Vocês viram que nós cobrimos algumas mesas do International Symposium on Online Journalism (ISOJ), né? A LatAm Journalism Review fez um resumo de todas, para quem quiser saber exatamente o que rolou em Austin.
Falando em ISOJ, me impactou muito os relatos de jornalistas em exílio pelo mundo. Por isso, achei genial a criação do periodismolibre.org, plataforma de apoio - legal, financeiro e profissional - a jornalistas em exílio na América Latina e Caribe. Trata-se de uma iniciativa da DW Akademie, em colaboração com a Unesco e outras entidades de defesa da liberdade de imprensa. (LV)

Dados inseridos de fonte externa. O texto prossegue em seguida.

Lemma hitting_step_laminar i j : 0 < g' i -> 0 < g' j ->
  [|| F' i \subset F' j, F' j \subset F' i | [disjoint F' i & F' j]].
Proof.
move=> gi gj; rewrite /F'.
have /or3P[H|H|H] := laminarF (leq_trans gi (leq_subr _ _)) (leq_trans gj (leq_subr _ _)).
- by rewrite (setSD _ H).
- by rewrite (setSD _ H) orbT.
- by rewrite (disjointW (subD1set _ _) (subD1set _ _) H) !orbT.
Qed.

Lemma hitting_step_le_card i : g' i <= #|F' i|.
Proof. by have := g_le_card i; rewrite /g' /F' (cardsD1 a (F i)); lia. Qed.

Lemma hitting_step_lift (D : {set T}) : (forall i, g' i <= #|D :&: F' i|) ->
  forall i, g i <= #|(a |: D) :&: F i|.
Proof.
move=> hitD i; have := hitD i; rewrite /g' /F'.
case: (boolP (a \in F i)) => aFi /= H; last first.
  rewrite subn0 in H; apply: (leq_trans H); apply: subset_leq_card.
  by apply: setISS; [exact: subsetUr | exact: subD1set].
have sub : a |: D :&: (F i :\ a) \subset (a |: D) :&: F i.
  apply/subsetP => y; rewrite !inE => /orP[/eqP->|/and3P[-> _ ->]]; last by rewrite orbT.
  by rewrite eqxx.
apply: leq_trans (subset_leq_card sub); rewrite cardsU1 !inE eqxx andbF /=; lia.
Qed.

Lemma hitting_step_pairwise_disjoint (P : {set I}) : {in P, forall i, 0 < g' i} ->
  pairwise_disjoint F' P -> pairwise_disjoint F P.
Proof.
move=> g'P dP' i j iP jP ij; have dij := dP' i j iP jP ij.
have gP k : k \in P -> 0 < g k by move=> /g'P; rewrite /g'; lia.
have nonempty k : k \in P -> F' k != set0.
  by move=> kP; rewrite -card_gt0 (leq_trans (g'P k kP)) ?hitting_step_le_card.
have empty_of_sub (A C : {set T}) : A \subset C -> [disjoint A & C] -> A = set0.
  by move=> sAC; rewrite -setI_eq0 (setIidPl sAC) => /eqP.
have /or3P[H|H|//] := laminarF (gP i iP) (gP j jP).
- by have := nonempty i iP; rewrite /F' (empty_of_sub _ _ (setSD _ H) dij) eqxx.
- rewrite disjoint_sym in dij.
  by have := nonempty j jP; rewrite /F' (empty_of_sub _ _ (setSD _ H) dij) eqxx.
Qed.

(* Removing a point [a] of a smallest demanding set [F i0] lowers the packing bound by one. *)
Variable i0 : I.
Hypothesis g_i0 : 0 < g i0.
Hypothesis min_i0 : forall j, 0 < g j -> #|F i0| <= #|F j|.
Hypothesis a_Fi0 : a \in F i0.

Lemma hitting_step_packing (P : {set I}) : {in P, forall i, 0 < g' i} ->
  pairwise_disjoint F' P -> \sum_(i in P) g' i <= B.
Proof.
move=> g'P dP'; have dP := hitting_step_pairwise_disjoint g'P dP'.
have gP i : i \in P -> 0 < g i by move=> /g'P; rewrite /g'; lia.
have a_only i j : i \in P -> j \in P -> i != j -> a \in F i -> a \notin F j.
  move=> iP jP ij aFi; apply/negP => aFj.
  by have /disjoint_setI0/setP/(_ a) := dP i j iP jP ij; rewrite !inE aFi aFj.
case: (pickP [pred i in P | a \in F i]) => [i /andP[iP aFi] | noa].
- have := packingF gP dP; rewrite (bigD1 i iP) [X in X <= B](bigD1 i iP) /=.
  rewrite [X in _ + X <= _ -> _](eq_bigr g') => [|j /andP[jP ji]]; last first.
    by rewrite eq_sym in ji; rewrite /g' (negbTE (a_only i j iP jP ji aFi)) subn0.
  by rewrite /g' aFi; have := gP i iP; lia.
- have no_a j : j \in P -> a \notin F j by move=> jP; have := noa j; rewrite /= jP => /negbT.
  have i0P : i0 \notin P by apply: contraL a_Fi0; exact: no_a.
  have d0 j : j \in P -> [disjoint F i0 & F j].
    move=> jP; have /or3P[H|H|//] := laminarF g_i0 (gP j jP).
    + by have := no_a j jP; rewrite (subsetP H a a_Fi0).
    + have /eqP Fj := eqEcard (F j) (F i0); rewrite H min_i0 ?gP // in Fj.
      by have := no_a j jP; rewrite Fj a_Fi0.
  have dP0 : pairwise_disjoint F (i0 |: P).
    move=> j k /setU1P[->|jP] /setU1P[->|kP] jk.
    + by rewrite eqxx in jk.
    + exact: d0.
    + by rewrite disjoint_sym; apply: d0.
    + exact: dP.
  have gP0 : {in i0 |: P, forall j, 0 < g j} by move=> j /setU1P[->|/gP].
  have -> : \sum_(j in P) g' j = \sum_(j in P) g j.
    by apply: eq_bigr => j jP; rewrite /g' (negbTE (no_a j jP)) subn0.
  by have := packingF gP0 dP0; rewrite big_setU1 //=; lia.
Qed.

End HittingStep.

Lemma laminar_hitting_set (I T : finType) (F : I -> {set T}) (g : I -> nat) (B : nat) :
  (forall i j, 0 < g i -> 0 < g j ->
     [|| F i \subset F j, F j \subset F i | [disjoint F i & F j]]) ->
  (forall i, g i <= #|F i|) ->
  (forall P : {set I}, {in P, forall i, 0 < g i} ->
     pairwise_disjoint F P -> \sum_(i in P) g i <= B) ->
  exists2 D : {set T}, #|D| <= B & forall i, g i <= #|D :&: F i|.
Proof.
elim: B F g => [|B IH] F g lam gF pack.
  exists set0 => [|i]; first by rewrite cards0.
  by have := packing_demand_le pack i; rewrite leqn0 => /eqP->.
case: (pickP (fun i => 0 < g i)) => [i1 gi1 | g0]; last first.
  by exists set0 => [|i]; rewrite ?cards0 // set0I cards0 leqNgt g0.
pose i0 := [arg min_(i < i1 | 0 < g i) #|F i|].
have [g_i0 min_i0] : 0 < g i0 /\ forall j, 0 < g j -> #|F i0| <= #|F j|.
  by rewrite /i0; case: arg_minnP => // i gi min_i; split=> // j /min_i.
have [a a_Fi0] : exists a, a \in F i0 by apply/card_gt0P; exact: leq_trans g_i0 (gF i0).
have [D cardD hitD] := IH _ _ (hitting_step_laminar lam (a := a))
  (hitting_step_le_card gF a) (hitting_step_packing lam gF pack g_i0 min_i0 a_Fi0).
exists (a |: D); first by rewrite cardsU1; case: (a \in D); lia.
exact: hitting_step_lift.
Qed.

Section Colourings.
Variables (T : finType) (e : rel T).
Hypothesis sym : symmetric e.
Hypothesis irr : irreflexive e.

Definition proper_colouring_on (U : {set T}) (s : nat) (col : T -> nat) :=
  {in U, forall v, col v < s} /\ {in U &, forall u v, e u v -> col u != col v}.

Lemma colorable_of_colouring s (col : T -> nat) :
  proper_colouring_on [set: T] s col -> colorable e s.
Proof.
move=> [col_lt col_ok]; apply/existsP.
exists [ffun v => Ordinal (col_lt v (in_setT v))]; apply/forallP => u; apply/forallP => v.
by apply/implyP => euv; rewrite !ffunE -(inj_eq val_inj) /= col_ok ?inE.
Qed.

Lemma greedy_colouring (U : {set T}) (rank : T -> nat) s :
  {in U &, injective rank} ->
  (forall v, v \in U -> #|[set u in U | e u v & rank u < rank v]| < s) ->
  exists col, proper_colouring_on U s col.
Proof.
have [n] := ubnP #|U|; elim: n U => // n IH U ltUn rank_inj few_before.
have [->|[v0 v0U]] := set_0Vmem U; first by exists (fun=> 0); split=> v; rewrite inE.
pose v := [arg max_(v > v0 in U) rank v].
have [vU v_last] : v \in U /\ forall u, u \in U -> u != v -> rank u < rank v.
  rewrite /v; case: arg_maxnP => // w wU w_max; split=> // u uU uw.
  have /= := w_max u uU; rewrite leq_eqVlt => /orP[/eqP/rank_inj eq_uw|//].
  by rewrite eq_uw ?eqxx in uw.
have [|||col [col_lt col_ok]] := IH (U :\ v).
- by rewrite (cardsD1 v U) vU in ltUn.
- by move=> x y /setD1P[_ xU] /setD1P[_ yU]; apply: rank_inj.
- move=> w /setD1P[_ wU]; apply: leq_ltn_trans (few_before w wU); apply: subset_leq_card.
  by apply/subsetP => u; rewrite !inE => /and3P[/andP[_ ->] -> ->].
pose nbr_cols := [seq col u | u <- enum [set u in U :\ v | e u v]].
have [i lt_i_s fresh_i] : exists2 i, i < s & i \notin nbr_cols.
  apply: exists_fresh_below; rewrite size_map -cardE; apply: leq_ltn_trans (few_before v vU).
  apply: subset_leq_card; apply/subsetP => u; rewrite !inE => /andP[/andP[uv uU] euv].
  by rewrite uU euv v_last.
have nbr_col u : u \in U :\ v -> e u v -> col u \in nbr_cols.
  by move=> uUv euv; apply: map_f; rewrite mem_enum inE uUv.
exists (fun u => if u == v then i else col u); split=> [u uU | u w uU wU euw].
  by case: eqP => // /eqP uv; apply: col_lt; apply/setD1P.
rewrite /=; have [uv|uv] := eqVneq u v; have [wv|wv] := eqVneq w v; subst.
- by rewrite irr in euw.
- apply: contraNneq fresh_i => ->.
  by apply: nbr_col; rewrite 1?sym //; apply/setD1P.
- by apply: contraNneq fresh_i => <-; apply: nbr_col => //; apply/setD1P.
- by apply: col_ok => //; apply/setD1P.
Qed.
(* Let $\mathcal{G}$ be a finite connected undirected simple graph with vertices $1,\dots,N$, let $p$ be a prime and $0\le\iota\le\kappa$ integers. If $h\in\mathcal{H}(\mathcal{G},p^\kappa)$ satisfies $p^\iota h(i)\equiv0\pmod{p^\kappa}$ for all $i$, then there exists $h'\in\mathcal{H}(\mathcal{G},p^\iota)$ with $h(i)\equiv p^{\kappa-\iota}h'(i)\pmod{p^\kappa}$ for all $i$.
   Context: The Laplacian $\nabla^2$ is the $N\times N$ integer matrix with $\nabla^2_{ii}=d_i$ (degree of $i$), $\nabla^2_{ij}=-1$ if $i,j$ adjacent, $0$ otherwise. $\mathbf{Z}_M=\{0,\dots,M-1\}$. $\mathcal{H}(\mathcal{G},M)$ denotes the set of functions $h:\{1,\dots,N\}\to\mathbf{Z}_M$ with $(\nabla^2h)(i)\equiv0\pmod M$ for all $i$. *)

From mathcomp Require Import all_boot all_order all_algebra.
Set Implicit Arguments. Unset Strict Implicit. Unset Printing Implicit Defensive.
Import GRing.Theory Num.Theory.
Local Open Scope ring_scope.

(* A finite simple undirected graph on vertices 'I_N (= {0,..,N-1}, standing
   for 1..N) is given by a symmetric irreflexive adjacency relation e. *)
Definition simple_graph (N : nat) (e : rel 'I_N) : Prop :=
  symmetric e /\ irreflexive e.

Definition connected_graph (N : nat) (e : rel 'I_N) : Prop :=
  forall i j, connect e i j.

Definition deg (N : nat) (e : rel 'I_N) (i : 'I_N) : nat := #|[set j | e i j]|.

Definition laplacian (N : nat) (e : rel 'I_N) : 'M[int]_N :=
  \matrix_(i, j) (if i == j then (deg e i)%:Z else if e i j then -1 else 0).

Definition lap_apply (N : nat) (e : rel 'I_N) (h : 'I_N -> nat) (i : 'I_N) : int :=
  \sum_j laplacian e i j * (h j)%:Z.

(* H(G, M): functions h : vertices -> Z_M = {0..M-1} with nabla^2 h = 0 mod M *)
Definition harmonic_mod (N : nat) (e : rel 'I_N) (M : nat) (h : 'I_N -> nat) : Prop :=
  (forall i, (h i < M)%N) /\ (forall i, (M%:Z %| lap_apply e h i)%Z).

From mathcomp Require Import all_boot all_order all_algebra.
Set Implicit Arguments. Unset Strict Implicit. Unset Printing Implicit Defensive.
Import GRing.Theory Num.Theory.

(* Write [d := p^(kappa - iota)].  Since [p^kappa = p^iota * d], the torsion
   hypothesis says exactly that [d] divides every [h i], so [h = d * h'] with
   [h' := h / d]; the Laplacian is linear, hence [p^iota * d] dividing
   [lap (d * h') = d * lap h'] means [p^iota] divides [lap h']. *)

Lemma lap_apply_scale (N : nat) (e : rel 'I_N) (d : nat) (g : 'I_N -> nat)
    (i : 'I_N) :
  lap_apply e (fun j => d * g j)%N i = (d%:Z * lap_apply e g i)%R.
Proof.
rewrite /lap_apply mulr_sumr; apply: eq_bigr => j _.
by rewrite PoszM mulrCA.
Qed.

Lemma harmonic_mod_scale (N : nat) (e : rel 'I_N) (m d : nat)
    (f g : 'I_N -> nat) :
  (0 < d)%N -> (forall j, f j = d * g j)%N ->
  harmonic_mod e (d * m) f -> harmonic_mod e m g.
Proof.
move=> d_gt0 fE [lt_f dvd_lap]; split=> i.
  by rewrite -(ltn_pmul2l d_gt0) -fE; exact: lt_f.
have := dvd_lap i.
have -> : lap_apply e f i = lap_apply e (fun j => d * g j)%N i.
  by apply: eq_bigr => j _; rewrite fE.
by rewrite lap_apply_scale PoszM dvdz_mul2l // -lt0n.
Qed.

Lemma dvdn_mul_mod0 (a d x : nat) :
  (0 < a)%N -> (a * x = 0 %[mod a * d])%N -> (d %| x)%N.
Proof.
by move=> a_gt0; rewrite mod0n => /eqP; rewrite -/(dvdn _ _) dvdn_pmul2l.
Qed.

Theorem lemma2 (N : nat) (e : rel 'I_N) (Hsimple : simple_graph e)
  (Hconn : connected_graph e) (p : nat) (Hp : prime p) (iota kappa : nat)
  (Hik : (iota <= kappa)%N) (h : 'I_N -> nat)
  (Hh : harmonic_mod e (p ^ kappa) h)
  (Htor : forall i, (p ^ iota * h i = 0 %[mod p ^ kappa])%N) :
  exists h' : 'I_N -> nat, harmonic_mod e (p ^ iota) h' /\
    forall i, (h i = p ^ (kappa - iota) * h' i %[mod p ^ kappa])%N.
Proof.
have p_gt0 : (0 < p)%N by exact: prime_gt0.
set d := (p ^ (kappa - iota))%N.
have d_gt0 : (0 < d)%N by rewrite expn_gt0 p_gt0.
have pk_split : (p ^ kappa = p ^ iota * d)%N by rewrite /d -expnD subnKC.
have h_split i : h i = (d * (h i %/ d))%N.
  rewrite mulnC divnK //; apply: (@dvdn_mul_mod0 (p ^ iota)).
    by rewrite expn_gt0 p_gt0.
  by rewrite -pk_split.
exists (fun i => (h i %/ d)%N); split; last by move=> i; rewrite -h_split.
apply: (harmonic_mod_scale d_gt0 h_split).
by rewrite mulnC -pk_split.
Qed.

💎 Notícias de Perugia. Não estou na Itália, infelizmente, mas conseguir dar uma olhada na mesa Digital content creators and journalists: shaping the future of news together (Criadores de conteúdo digital e jornalistas: moldando juntos o futuro das notícias), do International Journalism Festival, que tá rolando em Perugia até domingo. Eu sigo curioso sobre esse tema, às vezes mais aberto, às vezes um tanto cético sobre essa relação em potencial. A conversa teve a participação de Adeline Hulin, da Unisco, Hannah Ajakaiye, fundador da iniciativa nigeriana FactsMatterNG, e de V Spehar, TikToker, com a mediação de Summer Harlow, diretora associada do Knight Center.